START Records for the exercise

(* Let $m \in \mathbb N$ and $X, Y, Z \in M_m$. Then $\cos\varphi\, X + \sin\varphi\, Y + Z \in \mathcal U_m$ for all $\varphi \in \mathbb R$ if and only if $$|X|^2 = |Y|^2 = I_m - |Z|^2 \quad\text{and}\quad \operatorname{Re}(X^\ast Y) = \operatorname{Re}(X^\ast Z) = \operatorname{Re}(Y^\ast Z) = 0_m.$$
   Context: $M_m$ is the set of $m\times m$ complex matrices and $\mathcal U_m$ the unitary ones. For $A \in M_m$, $\operatorname{Re}A = \tfrac12(A + A^\ast)$ and $|A| = (A^\ast A)^{1/2}$, so $|A|^2 = A^\ast A$. *)

From mathcomp Require Import all_boot all_order all_algebra.
From mathcomp Require Import complex.
From mathcomp Require Import all_classical all_reals.
From mathcomp Require Import trigo.
Set Implicit Arguments. Unset Strict Implicit. Unset Printing Implicit Defensive.
Import Order.TTheory GRing.Theory Num.Theory.
Local Open Scope ring_scope.
Local Open Scope complex_scope.

Definition adj (R : rcfType) (m n : nat) (A : 'M[R[i]]_(m, n)) : 'M[R[i]]_(n, m) :=
  (map_mx (fun z => z^*) A)^T.

Definition mxRe (R : rcfType) (m : nat) (A : 'M[R[i]]_m) : 'M[R[i]]_m :=
  (2%:R)^-1 *: (A + adj A).

Definition absSq (R : rcfType) (m : nat) (A : 'M[R[i]]_m) : 'M[R[i]]_m :=
  adj A *m A.

Definition unitary (R : rcfType) (m : nat) (U : 'M[R[i]]_m) : Prop :=
  adj U *m U = 1%:M /\ U *m adj U = 1%:M.

(* For real a, b the matrix |aX + bY + Z|^2 expands as
   a^2 |X|^2 + b^2 |Y|^2 + |Z|^2 + 2ab Re(X^*Y) + 2a Re(X^*Z) + 2b Re(Y^*Z),
   and for square matrices U^*U = I already forces UU^* = I.  So the
   hypothesis says that this trigonometric expression, with a = cos phi and
   b = sin phi, equals I for every phi.  Comparing phi = 0 with phi = pi and
   phi = pi/2 with phi = -pi/2 kills Re(X^*Z) and Re(Y^*Z) and gives
   |X|^2 = |Y|^2 = I - |Z|^2; then phi = pi/4, where 2 cos phi sin phi = 1,
   kills Re(X^*Y).  Conversely these relations collapse the expansion to
   (cos^2 phi + sin^2 phi)(I - |Z|^2) + |Z|^2 = I. *)
From mathcomp Require Import all_boot all_order all_algebra.
From mathcomp Require Import complex.
From mathcomp Require Import all_classical all_reals.
From mathcomp Require Import trigo.
From mathcomp Require Import ring.
Set Implicit Arguments.
Unset Strict Implicit.
Unset Printing Implicit Defensive.
Import Order.TTheory GRing.Theory Num.Theory.
Local Open Scope ring_scope.
Local Open Scope complex_scope.

Section ConjugateTranspose.
Variable R : rcfType.
Implicit Types (a b : R) (m n p : nat).

Lemma adjD m n (A B : 'M[R[i]]_(m, n)) : adj (A + B) = adj A + adj B.
Proof. by rewrite /adj map_mxD linearD. Qed.

Lemma adj_realZ m n a (A : 'M[R[i]]_(m, n)) : adj (a%:C *: A) = a%:C *: adj A.
Proof.
by apply/matrixP=> i j; rewrite !mxE rmorphM; congr (_ * _); apply: conjc_real.
Qed.

Lemma adjK m n (A : 'M[R[i]]_(m, n)) : adj (adj A) = A.
Proof. by apply/matrixP=> i j; rewrite !mxE conjcK. Qed.

Lemma adjM m n p (A : 'M[R[i]]_(m, n)) (B : 'M[R[i]]_(n, p)) :
  adj (A *m B) = adj B *m adj A.
Proof. by rewrite /adj map_mxM trmx_mul. Qed.

Lemma mxReD m (A B : 'M[R[i]]_m) : mxRe (A + B) = mxRe A + mxRe B.
Proof. by rewrite /mxRe adjD addrACA scalerDr. Qed.

Lemma mxRe_realZ m a (A : 'M[R[i]]_m) : mxRe (a%:C *: A) = a%:C *: mxRe A.
Proof. by rewrite /mxRe adj_realZ -scalerDr scalerA mulrC -scalerA. Qed.

Lemma mxRe_mulr2n m (A : 'M[R[i]]_m) : mxRe A *+ 2 = A + adj A.
Proof. by rewrite /mxRe -scaler_nat scalerA mulfV ?scale1r ?pnatr_eq0. Qed.

Lemma unitaryE m (U : 'M[R[i]]_m) : unitary U <-> absSq U = 1%:M.
Proof. by split=> [[]//|UU1]; split=> //; apply: mulmx1C. Qed.

Lemma absSqD m (A B : 'M[R[i]]_m) :
  absSq (A + B) = absSq A + absSq B + mxRe (adj A *m B) *+ 2.
Proof.
rewrite mxRe_mulr2n adjM adjK /absSq adjD mulmxDl !mulmxDr.
by rewrite [adj B *m A + _]addrC addrACA.
Qed.

Lemma absSq_realZ m a (A : 'M[R[i]]_m) :
  absSq (a%:C *: A) = (a ^+ 2)%:C *: absSq A.
Proof.
by rewrite /absSq adj_realZ -scalemxAl -scalemxAr scalerA rmorphXn.
Qed.

Lemma absSq_real_comb m a b (X Y Z : 'M[R[i]]_m) :
  absSq (a%:C *: X + b%:C *: Y + Z) =
    (a ^+ 2)%:C *: absSq X + (b ^+ 2)%:C *: absSq Y + absSq Z
    + (a * b *+ 2)%:C *: mxRe (adj X *m Y)
    + (a *+ 2)%:C *: mxRe (adj X *m Z) + (b *+ 2)%:C *: mxRe (adj Y *m Z).
Proof.
rewrite !absSqD !absSq_realZ adjD !adj_realZ mulmxDl -!scalemxAl -scalemxAr.
rewrite !mxReD !mxRe_realZ.
(* [ring] is only fast once the matrices are opaque variables *)
move: (absSq X) (absSq Y) (absSq Z) => AX AY AZ.
move: (mxRe _) (mxRe _) (mxRe _) => RXY RXZ RYZ.
by apply/matrixP=> i j; rewrite !mxE; ring.
Qed.

End ConjugateTranspose.

Section TrigonometricIdentities.
Variable R : realType.

Lemma trig_quadratic_coefs (a b d p q r u : R[i]) :
  (forall phi : R, (cos phi ^+ 2)%:C * a + (sin phi ^+ 2)%:C * b + d
     + (cos phi * sin phi *+ 2)%:C * p + (cos phi *+ 2)%:C * q
     + (sin phi *+ 2)%:C * r = u) ->
  [/\ a = u - d, b = u - d, p = 0, q = 0 & r = 0].
Proof.
move=> H.
have := H 0; have := H pi; rewrite cos0 sin0 cospi sinpi => Hpi H0.
have := H (pi / 2); have := H (- (pi / 2)).
rewrite cosN sinN cos_pihalf sin_pihalf => Hmpihalf Hpihalf.
have q0 : q = 0.
  have : q *+ 4 = 0 by rewrite -(subrr u) -{1}H0 -Hpi; ring.
  by move/eqP; rewrite mulrn_eq0 => /eqP.
have r0 : r = 0.
  have : r *+ 4 = 0 by rewrite -(subrr u) -{1}Hpihalf -Hmpihalf; ring.
  by move/eqP; rewrite mulrn_eq0 => /eqP.
have a_eq : a = u - d by rewrite -H0 q0; ring.
have b_eq : b = u - d by rewrite -Hpihalf r0; ring.
have cos_sin_pi4 : cos (pi / 4) * sin (pi / 4) *+ 2 = 1 :> R.
  by rewrite -sin_mulr2n -[RHS]sin_pihalf; congr sin; field.
have := H (pi / 4); rewrite cos_sin_pi4 cos2sin2 a_eq b_eq q0 r0 => Hpi4.
by split=> //; rewrite -(subrr u) -{1}Hpi4; ring.
Qed.

Lemma trig_quadratic_coefs_mx m n (A B D P Q S U : 'M[R[i]]_(m, n)) :
  (forall phi : R, (cos phi ^+ 2)%:C *: A + (sin phi ^+ 2)%:C *: B + D
     + (cos phi * sin phi *+ 2)%:C *: P + (cos phi *+ 2)%:C *: Q
     + (sin phi *+ 2)%:C *: S = U) ->
  [/\ A = U - D, B = U - D, P = 0, Q = 0 & S = 0].
Proof.
move=> H.
have coefs i j : [/\ A i j = U i j - D i j, B i j = U i j - D i j,
                     P i j = 0, Q i j = 0 & S i j = 0].
  apply: trig_quadratic_coefs => phi.
  by have /matrixP/(_ i j) := H phi; rewrite !mxE.
by split; apply/matrixP=> i j; rewrite !mxE; have [] := coefs i j.
Qed.

End TrigonometricIdentities.

Theorem lemma3p1 (R : realType) (m : nat) (X Y Z : 'M[R[i]]_m) :
  (forall phi : R, unitary ((cos phi)%:C *: X + (sin phi)%:C *: Y + Z)) <->
  (absSq X = absSq Y /\ absSq Y = 1%:M - absSq Z /\
   mxRe (adj X *m Y) = 0 /\ mxRe (adj X *m Z) = 0 /\ mxRe (adj Y *m Z) = 0).
Proof.
split=> [unitaryU | [XY [YZ [ReXY [ReXZ ReYZ]]]] phi].
- have absSq_U (phi : R) :=
    etrans (esym (absSq_real_comb (cos phi) (sin phi) X Y Z))
           ((unitaryE _).1 (unitaryU phi)).
  by have [-> -> -> -> ->] := trig_quadratic_coefs_mx absSq_U.
- apply/unitaryE; rewrite absSq_real_comb ReXY ReXZ ReYZ !scaler0 !addr0 XY YZ.
  by rewrite -scalerDl -rmorphD cos2Dsin2 rmorph1 scale1r subrK.
Qed.
(* Since theta x^2 = x^2 (theta + 2), expanding the product gives the
   normal form
       D = x^-2 Pi(theta) - 2 theta (theta + mu + nu + 2) + x^2 - kappa,
       Pi(s) = s (s + mu) (s + nu) (s + mu + nu),
       kappa = (mu + nu + 2)(mu + nu + 4) / 2,
   stated as [Dop_theta_form] (powers of theta) and [Dop_factored] (products
   of Euler factors theta + a).  Then
   (1) the normal form is symmetric in mu and nu;
   (2) x^2 (D - lambda) = Pi(theta) + (polynomial in x) * (lower powers of
       theta) is of Fuchs type at 0 with indicial polynomial Pi, whose roots
       are 0, -mu, -nu, -mu-nu;
   (3) in L^2(R_+, x^w dx), w = mu + nu + 1, the formal adjoint of theta + a is
       -(theta + w + 1 - a) (Lagrange's identity [green_formula]); so both
       theta (theta + mu + nu + 2) and x^-2 Pi(theta) are formally
       self-adjoint, and <D u, v> - <u, D v> integrates the derivative of a
       boundary form that vanishes outside the support of u;
   (5) the factorisations are direct computations. *)

From Pilot Require Import Defs.
From Stdlib Require Import Reals List Lra Lia ClassicalEpsilon.
Import ListNotations.
Open Scope R_scope.

Lemma Ceq (z w : Cplx) : re z = re w -> im z = im w -> z = w.
Proof. destruct z, w; simpl; intros; subst; reflexivity. Qed.

Definition agree (f E : R -> Cplx) : Prop := forall t, 0 < t -> f t = E t.

Definition hasD (E D : R -> Cplx) : Prop := forall t, 0 < t ->
  derivable_pt_lim (fun s => re (E s)) t (re (D t)) /\
  derivable_pt_lim (fun s => im (E s)) t (im (D t)).

Definition jets (F : nat -> R -> Cplx) : Prop := forall n, hasD (F n) (F (S n)).

Lemma smooth_jets u : smooth_pos u -> exists F, jets F /\ agree u (F O).
Proof.
  intros [F [H0 HJ]]. exists F; split.
  - intros n t Ht; exact (HJ n t Ht).
  - intros t Ht; symmetry; auto.
Qed.

Lemma derivable_pt_lim_pos (g h : R -> R) t l : 0 < t ->
  (forall s, 0 < s -> g s = h s) -> derivable_pt_lim g t l -> derivable_pt_lim h t l.
Proof.
  intros Ht E H. apply (derivable_pt_lim_locally_ext g h t 0 (t + 1)); auto; try lra.
  intros z Hz; apply E; lra.
Qed.

Lemma hasD_agree f E D : agree f E -> hasD E D -> hasD f D.
Proof.
  intros A H t Ht. destruct (H t Ht) as [H1 H2]. split.
  - apply (derivable_pt_lim_pos (fun s => re (E s))); auto. intros; rewrite A; auto.
  - apply (derivable_pt_lim_pos (fun s => im (E s))); auto. intros; rewrite A; auto.
Qed.

Lemma hasD_ext E D D' : hasD E D -> agree D D' -> hasD E D'.
Proof. intros H E1 t Ht; rewrite <- E1; auto. Qed.

(* The choice-based derivative [deriv] of Defs equals any derivative that
   exists; this is how the operators theta, S, D get evaluated. *)
Lemma deriv_eq f t l :
  derivable_pt_lim (fun s => re (f s)) t (re l) ->
  derivable_pt_lim (fun s => im (f s)) t (im l) -> deriv f t = l.
Proof.
  intros K1 K2. unfold deriv, Rderiv. apply Ceq; simpl.
  - apply (uniqueness_limite (fun s => re (f s)) t); auto.
    apply (epsilon_spec (inhabits 0) (fun l => derivable_pt_lim (fun t => re (f t)) t l)).
    exists (re l); exact K1.
  - apply (uniqueness_limite (fun s => im (f s)) t); auto.
    apply (epsilon_spec (inhabits 0) (fun l => derivable_pt_lim (fun t => im (f t)) t l)).
    exists (im l); exact K2.
Qed.

Lemma agree_deriv f E E' : agree f E -> hasD E E' -> agree (deriv f) E'.
Proof.
  intros HA HD t Ht. destruct (hasD_agree f E E' HA HD t Ht) as [K1 K2].
  exact (deriv_eq f t _ K1 K2).
Qed.

Lemma agree_deriv_self P P' : hasD P P' -> agree (deriv P) P'.
Proof. intros H. apply (agree_deriv P P); auto. intros t _; reflexivity. Qed.

Lemma hasD_real (c c' : R -> R) : (forall t, 0 < t -> derivable_pt_lim c t (c' t)) ->
  hasD (fun t => RtoC (c t)) (fun t => RtoC (c' t)).
Proof. intros H t Ht; split; simpl; auto. apply derivable_pt_lim_const. Qed.

Lemma hasD_const a : hasD (fun _ => a) (fun _ => C0).
Proof. intros t Ht; split; simpl; apply derivable_pt_lim_const. Qed.

Lemma hasD_id : hasD (fun t => RtoC t) (fun _ => RtoC 1).
Proof. apply (hasD_real (fun t => t)). intros; apply derivable_pt_lim_id. Qed.

Lemma hasD_add E1 E2 D1 D2 : hasD E1 D1 -> hasD E2 D2 ->
  hasD (fun t => E1 t + E2 t)%Cplx (fun t => D1 t + D2 t)%Cplx.
Proof.
  intros A B t Ht; destruct (A t Ht), (B t Ht); simpl; split.
  - apply (derivable_pt_lim_plus (fun s => re (E1 s)) (fun s => re (E2 s))); auto.
  - apply (derivable_pt_lim_plus (fun s => im (E1 s)) (fun s => im (E2 s))); auto.
Qed.

Lemma hasD_opp E1 D1 : hasD E1 D1 -> hasD (fun t => - E1 t)%Cplx (fun t => - D1 t)%Cplx.
Proof.
  intros A t Ht; destruct (A t Ht); simpl; split.
  - apply (derivable_pt_lim_opp (fun s => re (E1 s))); auto.
  - apply (derivable_pt_lim_opp (fun s => im (E1 s))); auto.
Qed.

Lemma hasD_sub E1 E2 D1 D2 : hasD E1 D1 -> hasD E2 D2 ->
  hasD (fun t => E1 t - E2 t)%Cplx (fun t => D1 t - D2 t)%Cplx.
Proof. intros A B. apply (hasD_add E1 (fun t => - E2 t)%Cplx); auto using hasD_opp. Qed.

Lemma hasD_conj E1 D1 : hasD E1 D1 -> hasD (fun t => Cconj (E1 t)) (fun t => Cconj (D1 t)).
Proof.
  intros A t Ht; destruct (A t Ht); simpl; split; auto.
  apply (derivable_pt_lim_opp (fun s => im (E1 s))); auto.
Qed.

Lemma hasD_mul E1 E2 D1 D2 : hasD E1 D1 -> hasD E2 D2 ->
  hasD (fun t => E1 t * E2 t)%Cplx (fun t => D1 t * E2 t + E1 t * D2 t)%Cplx.
Proof.
  intros A B t Ht; destruct (A t Ht) as [a1 a2], (B t Ht) as [b1 b2]; simpl; split.
  - assert (H := derivable_pt_lim_minus _ _ _ _ _
      (derivable_pt_lim_mult (fun s => re (E1 s)) (fun s => re (E2 s)) _ _ _ a1 b1)
      (derivable_pt_lim_mult (fun s => im (E1 s)) (fun s => im (E2 s)) _ _ _ a2 b2)).
    unfold minus_fct, mult_fct in H.
    replace (re (D1 t) * re (E2 t) - im (D1 t) * im (E2 t)
             + (re (E1 t) * re (D2 t) - im (E1 t) * im (D2 t)))
      with (re (D1 t) * re (E2 t) + re (E1 t) * re (D2 t)
            - (im (D1 t) * im (E2 t) + im (E1 t) * im (D2 t))) by ring.
    exact H.
  - assert (H := derivable_pt_lim_plus _ _ _ _ _
      (derivable_pt_lim_mult (fun s => re (E1 s)) (fun s => im (E2 s)) _ _ _ a1 b2)
      (derivable_pt_lim_mult (fun s => im (E1 s)) (fun s => re (E2 s)) _ _ _ a2 b1)).
    unfold plus_fct, mult_fct in H.
    replace (re (D1 t) * im (E2 t) + im (D1 t) * re (E2 t)
             + (re (E1 t) * im (D2 t) + im (E1 t) * re (D2 t)))
      with (re (D1 t) * im (E2 t) + re (E1 t) * im (D2 t)
            + (im (D1 t) * re (E2 t) + im (E1 t) * re (D2 t))) by ring.
    exact H.
Qed.

Lemma hasD_inv : hasD (fun t => RtoC (/ t)) (fun t => - (RtoC (/ t) * RtoC (/ t)))%Cplx.
Proof.
  eapply hasD_ext.
  - apply (hasD_real (fun t => / t) (fun t => - / (t * t))). intros t Ht.
    replace (- / (t * t)) with ((0 * id t - 1 * 1) / Rsqr (id t)) by (unfold id, Rsqr; field; lra).
    apply (derivable_pt_lim_ext (div_fct (fun _ => 1) id)).
    { intro s; unfold div_fct, id, Rdiv; ring. }
    apply derivable_pt_lim_div; [apply derivable_pt_lim_const | apply derivable_pt_lim_id |].
    unfold id; lra.
  - intros t Ht; apply Ceq; simpl; field; lra.
Qed.

Lemma hasD_x2 : hasD x2 (fun t => RtoC 2 * RtoC t)%Cplx.
Proof.
  eapply hasD_ext.
  - apply (hasD_real (fun t => t * t) (fun t => 1 * t + t * 1)). intros t _.
    exact (derivable_pt_lim_mult id id t 1 1 (derivable_pt_lim_id t) (derivable_pt_lim_id t)).
  - intros t _; apply Ceq; simpl; ring.
Qed.

Lemma hasD_rpow w : hasD (fun t => RtoC (Rpower t w))
   (fun t => RtoC w * (RtoC (/ t) * RtoC (Rpower t w)))%Cplx.
Proof.
  eapply hasD_ext.
  - apply (hasD_real (fun t => Rpower t w) (fun t => w * Rpower t (w - 1))). intros t Ht.
    apply derivable_pt_lim_power; auto.
  - intros t Ht; apply Ceq; simpl; try ring.
    replace (w - 1) with (w + - (1)) by ring.
    rewrite Rpower_plus, Rpower_Ropp, Rpower_1; auto. ring.
Qed.

Lemma hasD_inv2 : hasD (fun t => RtoC (/ (t * t)))
   (fun t => - (RtoC 2 * (RtoC (/ t) * RtoC (/ (t * t)))))%Cplx.
Proof.
  eapply hasD_ext.
  - apply (hasD_agree _ (fun t => RtoC (/ t) * RtoC (/ t))%Cplx).
    { intros t Ht; apply Ceq; simpl; field; lra. }
    apply hasD_mul; apply hasD_inv.
  - intros t Ht; apply Ceq; simpl; field; lra.
Qed.

Lemma jets_hasD F n : jets F -> hasD (F n) (F (S n)).
Proof. intros J; exact (J n). Qed.

Lemma agree_add f g E1 E2 : agree f E1 -> agree g E2 ->
  agree (fun t => f t + g t)%Cplx (fun t => E1 t + E2 t)%Cplx.
Proof. intros A B t Ht; rewrite A, B; auto. Qed.
Lemma agree_sub f g E1 E2 : agree f E1 -> agree g E2 ->
  agree (fun t => f t - g t)%Cplx (fun t => E1 t - E2 t)%Cplx.
Proof. intros A B t Ht; rewrite A, B; auto. Qed.
Lemma agree_mul f g E1 E2 : agree f E1 -> agree g E2 ->
  agree (fun t => f t * g t)%Cplx (fun t => E1 t * E2 t)%Cplx.
Proof. intros A B t Ht; rewrite A, B; auto. Qed.
Lemma agree_opp f E1 : agree f E1 -> agree (fun t => - f t)%Cplx (fun t => - E1 t)%Cplx.
Proof. intros A t Ht; rewrite A; auto. Qed.
Lemma agree_refl f : agree f f.
Proof. intros t _; reflexivity. Qed.

(* For an expression built from +, -, *, 1/t,
   t^2 and the jets [F n] of a smooth function, [differentiate] proves
   [hasD E D] with an explicit D; [expand] rewrites an operator expression
   (theta, theta + a, multiplication operators) applied to u into an explicit
   expression in t and the values [F n t]. *)
Ltac differentiate :=
  lazymatch goal with
  | |- hasD (fun t => Cadd (@?a t) (@?b t)) _ => eapply (hasD_add a b); [differentiate|differentiate]
  | |- hasD (fun t => Csub (@?a t) (@?b t)) _ => eapply (hasD_sub a b); [differentiate|differentiate]
  | |- hasD (fun t => Cmul (@?a t) (@?b t)) _ => eapply (hasD_mul a b); [differentiate|differentiate]
  | |- hasD (fun t => Copp (@?a t)) _ => eapply (hasD_opp a); differentiate
  | |- hasD (fun t => RtoC t) _ => apply hasD_id
  | |- hasD (fun t => RtoC (/ t)) _ => apply hasD_inv
  | |- hasD (fun t => x2 t) _ => apply hasD_x2
  | |- hasD x2 _ => apply hasD_x2
  | |- hasD (fun t => ?F ?n t) _ => apply jets_hasD; assumption
  | |- hasD (?F ?n) _ => apply jets_hasD; assumption
  | |- hasD (fun t => _) _ => apply hasD_const
  end.
Lemma chain_reaches_long e :
  (forall e, fE e != [::]) -> (forall e y, exists k, traverses y (fiter fE k e)) ->
  expanding fE -> exists2 t, (t < #|E|)%N & ~~ short fE (chain e t).1.
Proof.
move=> fE_neq0 reaches hexp.
(* Otherwise every edge reachable from e, i.e. every edge, is short, and the
   iterates f^k(e) stay single edges. *)
case: (boolP [exists t : 'I_#|E|, ~~ short fE (chain e t).1]) => [/existsP [t ht]|/existsPn hall].
  by exists t.
have short_chain t : (t < #|E|)%N -> short fE (chain e t).1.
  by move=> ht; move: (hall (Ordinal ht)); rewrite negbK.
have fiter_chain k : (k <= #|E|)%N -> fiter fE k e = [:: chain e k].
  elim: k => [|k IH] hk; first by [].
  by rewrite fiterS (IH (ltnW hk)) pimg_cons cats0 oimg_short // short_chain.
have all_short y : short fE y.
  have [k /traverses_fiter_lt_card [j hj]] := reaches e y.
  by rewrite (fiter_chain _ (ltnW hj)) /traverses /= orbF => /eqP <-; apply: short_chain.
have size_fiter k : size (fiter fE k e) = 1%N.
  elim: k => [|k IH]; first by [].
  rewrite fiterS size_pimg.
  by under eq_bigr do rewrite (eqP (all_short _)); rewrite sum1_size.
by have [N /(_ N (leqnn N))] := hexp e 2%N; rewrite size_fiter.
Qed.

End ShortChains.

Section StackGraph.
Variables (V E : finType) (src tgt : E -> V) (fV : V -> V) (fE : E -> seq (E * bool)).
Hypothesis graph_map : is_graph_map src tgt fV fE.
Hypothesis fE_short_inj :
  forall a b y y', fE a = [:: y] -> fE b = [:: y'] -> y.1 = y'.1 -> a = b.
Hypothesis chain_long : forall e, exists2 t, (t < #|E|)%N & ~~ short fE (chain fE e t).1.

END Records for the exercise

> What you have to do: Reproduce exactly the entries above, limited to the lines from the one with "(hasD_sub a b); [differentiate|differentiate]" through the one with "(hasD_mul a b); [differentiate|differentiate]", both included.

> Result of this task:
  | |- hasD (fun t => Csub (@?a t) (@?b t)) _ => eapply (hasD_sub a b); [differentiate|differentiate]
  | |- hasD (fun t => Cmul (@?a t) (@?b t)) _ => eapply (hasD_mul a b); [differentiate|differentiate]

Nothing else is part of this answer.